I heard a very interesting piece of advice this week from my CEO, addressing a group of college students that were visiting our office. Her words went something like this:
"Most days you have 100 things on your to-do list. Most people, when faced with such a list, will find the 97 that are obvious and easy and knock them off before worrying about the 3 big hairy things on the list. Don't do that. The 97 aren't worth your time, it's the 3 big hairy things that matter."
I've been thinking about that bit of wisdom ever since I heard it. It seems counter-intuitive in a way. Anyone that has ever suffered from procrastination knows that sometimes you feel better, more able to tackle problems when you break them down into a todo list. You get little things done and make yourself feel accomplished. But the more I think about the advice from my CEO, the more I agree with it. Especially in an entrepreneurial setting, or in a setting where you are suddenly given far more responsibilities than you are used to having. Why? It all boils down to three little words: Get Better Faster.

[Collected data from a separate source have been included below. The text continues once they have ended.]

Lemma coker_exps_gamma k : {subset coker_exps k <= gamma_exp L}.
Proof.
move=> d /mapP [e]; rewrite mem_filter => /andP[/andP[notin_e _] _] ->.
exact/andP.
Qed.

Lemma colon_exp_bad k e : (0 < k)%N ->
  colon_exp L k e <-> gamma_exp L e /\ e \notin coker_exps k.
Proof.
move=> k_gt0; split=> [col|[/andP[pos notin_e] not_coker]].
  have /andP[pos notin_e] := gamma_exp_colon col.
  split; first exact/andP.
  rewrite (_ : e = (absz e)%:Z) ?mem_coker_exps in col *; last by lia.
  exact/(colon_expP k_gt0 notin_e).
move: not_coker; rewrite (_ : e = (absz e)%:Z) ?mem_coker_exps; last by lia.
exact/colon_expP.
Qed.

Lemma in_colon_vanishing (F : fieldType) k (x : laur F) : (0 < k)%N ->
  in_colon L k x <->
  supported (gamma_exp L) x /\ forall d, d \in coker_exps k -> lcoef x d = 0.
Proof.
move=> k_gt0; rewrite in_colonP; split=> [col|[supp van] e nz_e].
  split=> [e /col /gamma_exp_colon //|d coker_d]; apply: contraTeq coker_d.
  by move/col/(colon_exp_bad _ k_gt0) => [].
apply/(colon_exp_bad _ k_gt0); split; first exact: supp.
by apply: contra nz_e => /van ->.
Qed.

Hypotheses (gap1 : 1%N \in L) (gap2 : 2%N \in L).
Hypothesis notin_add : forall a b, a \notin L -> b \notin L -> (a + b)%N \notin L.

Lemma sum_two_gaps m : (1 < m < Fr)%N -> m \in iter_sumset 1 L.
Proof.
move=> /andP[m_gt1 lt_mF].
have ex_mu : exists n, (0 < n)%N && (n \notin L).
  by exists Fr.+1; apply/andP; split=> //; apply/negP => /Fr_max; rewrite ltnn.
case: (ex_minnP ex_mu) => mu /andP[mu_gt0 mu_notin] mu_min.
have lt_mu_gap j : (0 < j < mu)%N -> j \in L.
  case/andP=> j_gt0 lt_j; apply: contraTT lt_j => notin_j.
  by rewrite -leqNgt mu_min // j_gt0.
case: (sum_two_gaps_or_above gap0 gap1 gap2 notin_add mu_gt0 mu_notin lt_mu_gap m_gt1).
  move=> [l in_l in_ml]; have lt_lm : (l < m)%N.
    by rewrite -subn_gt0; case: (m - l)%N in_ml => // in0; move: gap0; rewrite in0.
  apply/mem_iter_sumsetS; exists l => //; exists (m - l)%N.
    by rewrite mem_iter_sumset0.
  by rewrite subnKC // ltnW.
by move/(_ _ lt_mF); rewrite Fr_gap.
Qed.

Lemma iter_sumset_interval k x : (0 < k)%N -> (k < x < k * Fr)%N -> x \in iter_sumset k L.
Proof.
have Fr_ge2 : (2 <= Fr)%N by apply: Fr_max.
elim: k x => [//|[|k] IH] x _ /andP[lt_kx lt_xF].
  by apply: sum_two_gaps; rewrite lt_kx -(mul1n Fr).
apply/mem_iter_sumsetS; have [le_xF|gt_xF] := leqP x (k.+1 * Fr).
  by exists 1%N => //; exists (x - 1)%N; [apply: IH => //; apply/andP; split | ]; lia.
case: k IH lt_kx lt_xF gt_xF => [|k] IH lt_kx lt_xF gt_xF.
  have [->|ne_x] := eqVneq x Fr.+1.
    have [Fr2|Fr_gt2] := eqVneq Fr 2%N.
      by exists 1%N => //; exists 2%N; rewrite ?Fr2 ?iter_sumset_diag.
    exists 2%N => //; exists (Fr - 1)%N; [apply: IH => //; apply/andP; split | ]; lia.
  by exists Fr => //; exists (x - Fr)%N; [apply: IH => //; apply/andP; split | ]; lia.
exists Fr => //; exists (x - Fr)%N; [apply: IH => //; apply/andP; split | ]; try lia.
by move: gt_xF; nia.
Qed.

Get better faster. That's what I've spent my last year trying to do. I went to a startup to grow, to stretch in ways that I couldn't stretch in the confines of a big company. And when I suddenly found myself running the whole engineering team, this learning doubled its speed overnight. Being an ok manager and a great engineer is no longer enough for me to do my job. I need to be an excellent manager, an inspirational leader, a great strategist and a savvy planner. And the engineer can't totally slack off, but she needs to be saved for the really nasty bugs, not implementing fun new features.
This has all taught me a difficult lesson: you get better faster by tackling the hardest problems you have and ignoring the rest. Delegate the things that are easy for you (read: the little things you do to feel good about your own productivity) to someone who still needs to learn those skills. Immerse yourself in your stretch areas. For me, this mostly means that I have to delegate coding and design details to the engineers working for me, I have to delegate the ownership of my beloved projects and systems to someone with the time to care for them. This is PAINFUL. I would call the last 3 months being mostly out of coding and in planning/management/recruiting land to be some of the hardest of my career.
And yet, I'm doing it. I'm getting better. And it's not just me who is getting better. It's every member of my team that has had to step up, to fill in the empty positions of leadership, to take over the work I can't do, or the work that the person who took work from me can't do.
You'll never get better doing the easy stuff, checking off the small tasks. A savvy entrepreneur knows that the easy stuff can always be done by someone else, so let someone else do it. The hard problems are the problems that matter.